Fructose Consumption Contributes to Hyperinsulinemia in Adolescents With Obesity Through a GLP-1–Mediated Mechanism

J Clin Endocrinol Metab. 2019 Aug 1;104(8):3481-3490. doi: 10.1210/jc.2019-00161

Galderisi A, Giannini C, van Name M, et al.

Download Research Study PDF

Objective

  • To test the hypothesis that that the ingestion of glucose and fructose may differentially stimulate GLP-1 and insulin response in lean adolescents and adolescents with obesity.

Background

  • The consumption of high-fructose beverages is associated with a higher risk for obesity and diabetes.
  • Fructose can stimulate glucagon-like peptide 1 (GLP-1) secretion in lean adults, in the absence of any anorexic effect.
  • It is unclear whether the same or similar effect occurs in lean and obese adolescents.

Methods

  • Fourteen lean adolescents and twenty-three obese adolescents were included in the study.
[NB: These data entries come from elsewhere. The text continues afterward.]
(* Let $A_1,A_2\in\mathbb{R}^{2\times2}$ and suppose $A_1$ has two distinct eigenvalues. Then there exists $T\in GL(2,\mathbb{R})$ such that: (i) if $A_1$ has real eigenvalues and $\det[A_1,A_2]\ne0$, then $TA_1T^{-1}=\begin{pmatrix}\lambda_1&0\\0&\lambda_2\end{pmatrix}$ and $TA_2T^{-1}=\begin{pmatrix}s_{21}&t_2\\t_2&s_{22}\end{pmatrix}$ or $\begin{pmatrix}s_{21}&-t_2\\t_2&s_{22}\end{pmatrix}$ for some $\lambda_j,s_{2j},t_2\in\mathbb{R}$, $j=1,2$; (ii) if $A_1$ has non-real eigenvalues, then $TA_1T^{-1}=\begin{pmatrix}s_1&-t_1\\t_1&s_1\end{pmatrix}$ and $TA_2T^{-1}=\begin{pmatrix}s_{21}&-t_2\\t_2&s_{22}\end{pmatrix}$ for some $s_1,t_1,s_{21},s_{22},t_2\in\mathbb{R}$.
   Context: $[A,B]=AB-BA$. *)

(* Real matrices over an arbitrary real closed field R
   (covers R = the reals); eigenvalues are taken in R[i] = complex R. *)
From HB Require Import structures.
From mathcomp Require Import all_boot all_order all_algebra.
From mathcomp Require Import complex.
Set Implicit Arguments. Unset Strict Implicit. Unset Printing Implicit Defensive.
Import Order.TTheory GRing.Theory Num.Theory.
Local Open Scope ring_scope.

Definition mx2 {R : Type} (a b c d : R) : 'M[R]_2 :=
  \matrix_(i < 2, j < 2)
     if i == 0 :> nat then (if j == 0 :> nat then a else b)
     else (if j == 0 :> nat then c else d).

Definition commmx {R : pzRingType} {n : nat} (A B : 'M[R]_n) : 'M[R]_n :=
  A *m B - B *m A.

Definition cplx_mx {R : rcfType} {n : nat} (A : 'M[R]_n) : 'M[R[i]]_n :=
  map_mx (fun x : R => Complex x 0) A.

Definition ceigenvalue {R : rcfType} {n : nat} (A : 'M[R]_n.+1) (l : R[i]) : bool :=
  eigenvalue (cplx_mx A) l.

(* Write A1 = [[a, b], [c, d]] and let discr = (a - d)^2 + 4bc be the discriminant
   of its characteristic polynomial.  If discr < 0, A1 is similar to a
   rotation-scaling matrix [[s, -t], [t, s]]; every matrix [[al, -be], [be, al]]
   commutes with it, and a suitable one conjugates A2 into a matrix whose
   off-diagonal entries are opposite.  If discr >= 0 the eigenvalues are real,
   and since they are distinct discr > 0, so A1 is diagonalizable.  In an
   eigenbasis det [A1, A2] = (l1 - l2)^2 y z, where y, z are the off-diagonal
   entries of A2, so y z <> 0 and a diagonal rescaling equalizes |y| and |z|. *)

From HB Require Import structures.
From mathcomp Require Import all_boot all_order all_algebra.
From mathcomp Require Import complex ring lra.
Import Order.TTheory GRing.Theory Num.Theory.
Local Open Scope ring_scope.

Section Mx2Ring.
Context {R : comNzRingType}.

Lemma mx2E (M : 'M[R]_2) : M = mx2 (M 0 0) (M 0 1) (M 1 0) (M 1 1).
Proof.
apply/matrixP => i j; rewrite mxE.
by case: i j => [[|[|//]] ?] [[|[|//]] ?]; congr (M _ _); apply: val_inj.
Qed.

Lemma mulmx_mx2 (a b c d a' b' c' d' : R) : mx2 a b c d *m mx2 a' b' c' d' =
  mx2 (a * a' + b * c') (a * b' + b * d') (c * a' + d * c') (c * b' + d * d').
Proof.
apply/matrixP => i j; rewrite !mxE !big_ord_recl big_ord0 addr0 !mxE /=.
by case: i j => [[|[|//]] ?] [[|[|//]] ?].
Qed.

Lemma det_mx2 (a b c d : R) : \det (mx2 a b c d) = a * d - b * c.
Proof.
rewrite (expand_det_row _ ord0) !big_ord_recl big_ord0 /cofactor !det_mx11 !mxE /=.
by rewrite addr0 expr0 mul1r expr1 mulN1r mulrN.
Qed.

Lemma mx2_1 : 1%:M = mx2 1 0 0 1 :> 'M[R]_2.
Proof. by apply/matrixP => i j; rewrite !mxE; case: i j => [[|[|//]] ?] [[|[|//]] ?]. Qed.

Lemma commmx_diag_mx2 (l1 l2 x y z w : R) :
  commmx (mx2 l1 0 0 l2) (mx2 x y z w) = mx2 0 ((l1 - l2) * y) ((l2 - l1) * z) 0.
Proof.
rewrite /commmx !mulmx_mx2; apply/matrixP => i j; rewrite !mxE.
by case: i j => [[|[|//]] ?] [[|[|//]] ?] /=; ring.
Qed.

Lemma det_commmx_diag (l1 l2 : R) (B : 'M[R]_2) :
  \det (commmx (mx2 l1 0 0 l2) B) = (l1 - l2) ^+ 2 * (B 0 1 * B 1 0).
Proof. by rewrite [B]mx2E commmx_diag_mx2 det_mx2 !mxE /=; ring. Qed.

End Mx2Ring.

Section FieldMatrices.
Context {F : fieldType}.

Lemma unitmx_mx2 (a b c d : F) : (mx2 a b c d \in unitmx) = (a * d - b * c != 0).
Proof. by rewrite unitmxE det_mx2 unitfE. Qed.

Lemma invmx_mx2 (a b c d : F) : a * d - b * c != 0 ->
  invmx (mx2 a b c d) = (a * d - b * c)^-1 *: mx2 d (- b) (- c) a.
Proof.
move=> nz; set B := _ *: _.
have AB : mx2 a b c d *m B = 1%:M.
  rewrite /B -scalemxAr mulmx_mx2 mx2_1; apply/matrixP => i j; rewrite !mxE.
  by case: i j => [[|[|//]] ?] [[|[|//]] ?] /=; field.
have [uA _] := mulmx1_unit AB.
by rewrite -[invmx _]mulmx1 -AB mulmxA mulVmx // mul1mx.
Qed.

Lemma conjmx_eq {n} (T X Y : 'M[F]_n) : T \in unitmx -> T *m X = Y *m T -> conjmx T X = Y.
Proof. by move=> uT TX; rewrite conjumx // TX mulmxK. Qed.

Lemma conjmx_commmx {n} (T X Y : 'M[F]_n) : T \in unitmx ->
  conjmx T (commmx X Y) = commmx (conjmx T X) (conjmx T Y).
Proof.
by move=> uT; rewrite !conjumx // /commmx mulmxBr mulmxBl !mulmxA !mulmxKV // !mulmxA.
Qed.

Lemma det_conjmx {n} (T X : 'M[F]_n) : T \in unitmx -> \det (conjmx T X) = \det X.
Proof.
by move=> uT; rewrite conjumx // !det_mulmx det_inv mulrC mulrA mulVf ?mul1r // -unitfE -unitmxE.
Qed.

Lemma eigenvalue_det {n} (A : 'M[F]_n) a : eigenvalue A a = (\det (a%:M - A) == 0).
Proof.
apply/eigenvalueP/det0P => [[v Av_av v_nz] | [v v_nz Av_av]]; exists v => //.
  by rewrite mulmxBr Av_av mul_mx_scalar subrr.
by apply/eqP; rewrite -mul_mx_scalar eq_sym -subr_eq0 -mulmxBr Av_av.
Qed.

End FieldMatrices.

Lemma ceigenvalue_mx2 {R : rcfType} (a b c d x y : R) :
  ceigenvalue (mx2 a b c d) (Complex x y) =
  (x ^+ 2 - y ^+ 2 - (a + d) * x + (a * d - b * c) == 0) && ((2 * x - (a + d)) * y == 0).
Proof.
rewrite /ceigenvalue eigenvalue_det.
have -> : (Complex x y)%:M - cplx_mx (mx2 a b c d) =
    mx2 (Complex (x - a) y) (Complex (- b) 0) (Complex (- c) 0) (Complex (x - d) y).
  apply/matrixP => i j; rewrite !mxE.
  by case: i j => [[|[|//]] ?] [[|[|//]] ?] /=; simpc.
rewrite det_mx2; simpc; rewrite eq_complex /=.
by congr (_ && _); congr (_ == _); ring.
Qed.

Section RealClosed.
Context {R : rcfType}.

Definition mx2_discr (a b c d : R) := (a - d) ^+ 2 + 4 * b * c.

Section Discriminant.
Context {a b c d : R}.
Local Notation discr := (mx2_discr a b c d).
Local Notation A := (mx2 a b c d).

Lemma ceigenvalue_mx2_real : 0 <= discr -> forall l, ceigenvalue A l -> complex.Im l = 0.
Proof.
move=> discr_ge0 [x y] /=; rewrite ceigenvalue_mx2 mulf_eq0 => /andP[/eqP re].
case/orP=> [/eqP x_mid|/eqP //].
have y2_le0 : y ^+ 2 <= 0.
  have -> : y ^+ 2 = - discr / 4 - (x ^+ 2 - y ^+ 2 - (a + d) * x + (a * d - b * c)).
    by rewrite /mx2_discr (_ : x = (a + d) / 2); [field | lra].
  by rewrite re; lra.
by apply/eqP; rewrite -sqrf_eq0 eq_le y2_le0 sqr_ge0.
Qed.

Lemma ceigenvalue_mx2_discr0 :
  discr = 0 -> forall l, ceigenvalue A l -> l = Complex ((a + d) / 2) 0.
Proof.
move=> discr0 l Al; have /= y0 : complex.Im l = 0 by apply: ceigenvalue_mx2_real Al; rewrite discr0.
case: l Al y0 => x y; rewrite ceigenvalue_mx2 => /andP[/eqP re _] /= y0; subst y.
have : (2 * x - (a + d)) ^+ 2 = 0.
  transitivity (4 * (x ^+ 2 - 0 ^+ 2 - (a + d) * x + (a * d - b * c)) + discr).
    by rewrite /mx2_discr; ring.
  by rewrite re discr0; ring.
by move/eqP; rewrite sqrf_eq0 => /eqP x_mid; congr Complex; lra.
Qed.

Lemma ceigenvalue_mx2_nonreal : discr < 0 -> exists l, ceigenvalue A l /\ complex.Im l != 0.
Proof.
move=> discr_lt0; have sqrt_gt0 : 0 < Num.sqrt (- discr) by rewrite sqrtr_gt0 oppr_gt0.
exists (Complex ((a + d) / 2) (Num.sqrt (- discr) / 2)); split; last first.
  by rewrite /= mulf_neq0 ?invr_eq0 ?pnatr_eq0 ?lt0r_neq0.
rewrite ceigenvalue_mx2; apply/andP; split; apply/eqP; last by field.
by rewrite !expr_div_n sqr_sqrtr ?oppr_ge0 ?ltW // /mx2_discr; field.
Qed.

Lemma mx2_rotscale_similar : discr < 0 ->
  exists s t, exists2 T : 'M[R]_2, T \in unitmx & conjmx T A = mx2 s (- t) t s.
Proof.
move=> discr_lt0; set t := Num.sqrt (- discr) / 2.
have tt : t * t = - discr / 4.
  by rewrite /t -expr2 expr_div_n sqr_sqrtr ?oppr_ge0 ?ltW //; field.
have t_neq0 : t != 0 by rewrite mulf_neq0 ?sqrtr_eq0 ?invr_eq0 ?pnatr_eq0 -?ltNge ?oppr_gt0.
have c_neq0 : c != 0.
  by apply: contraTneq discr_lt0 => ->; rewrite /mx2_discr mulr0 addr0 -leNgt sqr_ge0.
set T := mx2 c ((d - a) / 2) 0 t.
have uT : T \in unitmx by rewrite unitmx_mx2 mulr0 subr0 mulf_neq0.
exists ((a + d) / 2), t, T => //; apply: conjmx_eq uT _.
rewrite !mulmx_mx2; congr mx2; try by field.
by rewrite mulNr tt /mx2_discr; field.
Qed.

Lemma mx2_diag_similar : 0 < discr ->
  exists l1 l2, exists2 T : 'M[R]_2, T \in unitmx & conjmx T A = mx2 l1 0 0 l2.
Proof.
move=> discr_gt0.
(* The rows of T are left eigenvectors for (a + d + r) / 2 and (a + d - r) / 2;
   the sign of the square root r of discr is chosen to make T invertible. *)
have [r [rr r_neq0 r_ad]] : exists r, [/\ r * r = discr, r != 0 & r + a - d != 0].
  have sqrt_gt0 : 0 < Num.sqrt discr by rewrite sqrtr_gt0.
  have sqrt_sq : Num.sqrt discr * Num.sqrt discr = discr by rewrite -expr2 sqr_sqrtr ?ltW.
  have [ad|ad] := eqVneq (Num.sqrt discr + a - d) 0; last by exists (Num.sqrt discr); rewrite lt0r_neq0.
  exists (- Num.sqrt discr); rewrite mulrNN oppr_eq0 lt0r_neq0 //; split => //.
  by apply/eqP => h; move: sqrt_gt0; lra.
have det_T : ((a + d + r) / 2 - d) * ((a + d - r) / 2 - a) - b * c = - r * (r + a - d) / 2.
  by rewrite /mx2_discr in rr; lra.
set T := mx2 ((a + d + r) / 2 - d) b c ((a + d - r) / 2 - a).
have uT : T \in unitmx by rewrite unitmx_mx2 det_T !mulf_neq0 ?oppr_eq0 ?invr_eq0 ?pnatr_eq0.
exists ((a + d + r) / 2), ((a + d - r) / 2), T => //; apply: conjmx_eq uT _.
by rewrite !mulmx_mx2 /mx2_discr in rr *; congr mx2; lra.
Qed.

End Discriminant.

Lemma rotscale_normal_form (s t : R) (B : 'M[R]_2) :
  exists2 C : 'M[R]_2, C \in unitmx &
    conjmx C (mx2 s (- t) t s) = mx2 s (- t) t s /\
    exists x y w, conjmx C B = mx2 x (- y) y w.
Proof.
rewrite [B]mx2E; move: (B 0 0) (B 0 1) (B 1 0) (B 1 1) => x y z w.
have [yz0|yz_neq0] := eqVneq (y + z) 0.
  exists 1%:M; first exact: unitmx1.
  by rewrite !conj1mx; split=> //; exists x, z, w; congr mx2; lra.
(* Conjugation by C = [[rho + r, u], [-u, rho + r]] rotates the traceless
   symmetric part [[r, u], [u, -r]] of B by twice the argument of C, which is
   chosen to make its off-diagonal entry vanish. *)
set r := (x - w) / 2; set u := (y + z) / 2.
set rho := Num.sqrt (r ^+ 2 + u ^+ 2).
have rho2 : rho ^+ 2 = r ^+ 2 + u ^+ 2 by rewrite sqr_sqrtr ?addr_ge0 ?sqr_ge0.
have u2_gt0 : 0 < u ^+ 2 by rewrite exprn_even_gt0 //= mulf_neq0 ?invr_eq0 ?pnatr_eq0.
have detC : (rho + r) * (rho + r) - u * - u != 0 by apply: lt0r_neq0; nra.
set C := mx2 (rho + r) u (- u) (rho + r).
have uC : C \in unitmx by rewrite unitmx_mx2.
exists C => //; split.
  by apply: conjmx_eq => //; rewrite !mulmx_mx2; congr mx2; ring.
set Y := conjmx C _; exists (Y 0 0), (Y 1 0), (Y 1 1).
rewrite [LHS]mx2E; congr mx2.
rewrite /Y conjumx // invmx_mx2 // -scalemxAr !mulmx_mx2 !mxE /=.
apply/eqP; rewrite -addr_eq0 -mulrDr mulf_eq0; apply/orP; right; apply/eqP.
transitivity (2 * u * (rho ^+ 2 - (r ^+ 2 + u ^+ 2))); first by rewrite /r /u; field.
by rewrite rho2 subrr mulr0.
Qed.

Lemma diag_normal_form (l1 l2 : R) (B : 'M[R]_2) : B 0 1 * B 1 0 != 0 ->
  exists2 P : 'M[R]_2, P \in unitmx &
    conjmx P (mx2 l1 0 0 l2) = mx2 l1 0 0 l2 /\
    exists x t w, conjmx P B = mx2 x t t w \/ conjmx P B = mx2 x (- t) t w.
Proof.
move=> yz_neq0; rewrite [B]mx2E.
move: (B 0 0) (B 0 1) (B 1 0) (B 1 1) yz_neq0 => x y z w.
rewrite mulf_eq0 negb_or => /andP[y_neq0 z_neq0].
(* Conjugation by diag(p, q) turns y, z into p y / q, q z / p, of equal
   absolute value once p^2 = |z| and q^2 = |y|. *)
set p := Num.sqrt `|z|; set q := Num.sqrt `|y|.
have p_neq0 : p != 0 by rewrite lt0r_neq0 ?sqrtr_gt0 ?normr_gt0.
have q_neq0 : q != 0 by rewrite lt0r_neq0 ?sqrtr_gt0 ?normr_gt0.
have uP : mx2 p 0 0 q \in unitmx by rewrite unitmx_mx2 mulr0 subr0 mulf_neq0.
exists (mx2 p 0 0 q) => //; split.
  by apply: conjmx_eq => //; rewrite !mulmx_mx2; congr mx2; ring.
have -> : conjmx (mx2 p 0 0 q) (mx2 x y z w) = mx2 x (p * y / q) (q * z / p) w.
  by apply: conjmx_eq => //; rewrite !mulmx_mx2; congr mx2; field.
exists x, (q * z / p), w.
have balance : (p ^+ 2 * y - q ^+ 2 * z) * (p ^+ 2 * y + q ^+ 2 * z) = 0.
  rewrite !sqr_sqrtr ?normr_ge0 //.
  transitivity (`|z| ^+ 2 * y ^+ 2 - `|y| ^+ 2 * z ^+ 2); first by ring.
  by rewrite !real_normK ?num_real //; ring.
have quot e : p * y / q - e * (q * z / p) = (p ^+ 2 * y - e * q ^+ 2 * z) / (p * q).
  by field; rewrite p_neq0 q_neq0.
move/eqP: balance; rewrite mulf_eq0 => /orP[] /eqP balance; [left|right].
  congr mx2; apply/eqP; rewrite -subr_eq0 -[q * z / p]mul1r quot.
  by rewrite mul1r balance mul0r.
congr mx2; apply/eqP; rewrite -subr_eq0 -[- (q * z / p)]mulN1r quot.
by rewrite mulN1r mulNr opprK balance mul0r.
Qed.

End RealClosed.

Theorem lemma2p10 (R : rcfType) (A1 A2 : 'M[R]_2) :
  (exists l1 l2 : R[i], [/\ l1 != l2, ceigenvalue A1 l1 & ceigenvalue A1 l2]) ->
  exists T : 'M[R]_2, T \in unitmx /\
    ((forall l : R[i], ceigenvalue A1 l -> complex.Im l = 0) ->
       \det (commmx A1 A2) != 0 ->
       exists l1 l2 s21 s22 t2 : R,
         T *m A1 *m invmx T = mx2 l1 0 0 l2 /\
         (T *m A2 *m invmx T = mx2 s21 t2 t2 s22 \/
          T *m A2 *m invmx T = mx2 s21 (- t2) t2 s22)) /\
    ((exists l : R[i], ceigenvalue A1 l /\ complex.Im l != 0) ->
       exists s1 t1 s21 s22 t2 : R,
         T *m A1 *m invmx T = mx2 s1 (- t1) t1 s1 /\
         T *m A2 *m invmx T = mx2 s21 (- t2) t2 s22).
Proof.
rewrite [A1]mx2E; move: (A1 0 0) (A1 0 1) (A1 1 0) (A1 1 1) => a b c d.
move=> [l1 [l2 [l12 e1 e2]]].
have [discr_lt0|discr_ge0] := ltrP (mx2_discr a b c d) 0.
  have [s [t [T0 uT0 A1T0]]] := mx2_rotscale_similar discr_lt0.
  have [C uC [A1C [x [y [w A2C]]]]] := rotscale_normal_form s t (conjmx T0 A2).
  have uT : C *m T0 \in unitmx by rewrite unitmx_mul uC.
  exists (C *m T0); rewrite -!(conjumx _ uT) !conjuMumx // A1T0 A1C; split=> //; split.
    move=> real; have [l [Al /eqP[]]] := ceigenvalue_mx2_nonreal discr_lt0.
    exact: real.
  by move=> _; exists s, t, x, w, y.
have nonreal_absurd : ~ exists l, ceigenvalue (mx2 a b c d) l /\ complex.Im l != 0.
  by case=> l [/(ceigenvalue_mx2_real discr_ge0) ->]; rewrite eqxx.
have [comm0|comm_neq0] := eqVneq (\det (commmx (mx2 a b c d) A2)) 0.
  exists 1%:M; split; first exact: unitmx1.
  by split=> [_|/nonreal_absurd[]].
have discr_gt0 : 0 < mx2_discr a b c d.
  rewrite lt_neqAle discr_ge0 andbT eq_sym; apply: contra_neq l12 => discr0.
  by rewrite (ceigenvalue_mx2_discr0 discr0 _ e1) (ceigenvalue_mx2_discr0 discr0 _ e2).
have [l1' [l2' [T0 uT0 A1T0]]] := mx2_diag_similar discr_gt0.
have offdiag_neq0 : conjmx T0 A2 0 1 * conjmx T0 A2 1 0 != 0.
  move: comm_neq0; rewrite -(det_conjmx _ _ uT0) conjmx_commmx // A1T0 det_commmx_diag.
  by rewrite mulf_eq0 negb_or => /andP[].
have [P uP [A1P [x [t [w A2P]]]]] := diag_normal_form l1' l2' _ offdiag_neq0.
have uT : P *m T0 \in unitmx by rewrite unitmx_mul uP.
exists (P *m T0); rewrite -!(conjumx _ uT) !conjuMumx // A1T0 A1P.
by split=> //; split=> [_ _|/nonreal_absurd[]]; exists l1', l2', x, w, t.
Qed.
The average BMI was approximately 22 in the lean group and approximately 35 in the obese group.  The average age in both groups was approximately 16. 
  • Participants underwent a baseline oral glucose tolerance test to determine their glucose tolerance and estimate insulin sensitivity and β-cell function [oral disposition index (oDIcpep)]. In a double-blind, crossover design, eligible subjects received 75 g of glucose or fructose.
  • Plasma was obtained every 10 minutes for 60 minutes for the measures of glucose, insulin, and GLP-1 (radioimmunoassay) and glucose-dependent insulinotropic polypeptide (GIP; ELISA). Incremental glucose and hormone levels were compared between lean individuals and those with obesity by a linear mixed model. The relationship between GLP-1 increment and oDIcpep was evaluated by regression analysis.

Findings

  • Following the fructose challenge, plasma glucose excursions were similar in both groups, yet the adolescents in the obese group exhibited a greater insulin (P < 0.001) and GLP-1 (P < 0.001) increase than did their lean peers. Changes in GIP were similar in both groups.
  • After glucose ingestion, the GLP-1 response (P < 0.001) was higher in the lean group. The GLP-1 increment during 60 minutes from fructose drink was correlated with a lower oDIcpep.

Conclusions

  • Fructose, but not glucose, ingestion elicits a higher GLP-1 and insulin response in adolescents with obesity than in lean adolescents.
  • Fructose consumption may contribute to the hyperinsulinemic phenotype of adolescent obesity through a GLP-1–mediated mechanism.

Points to Consider:

  • Given the small size and age of the sample, the generalizability of these results is limited.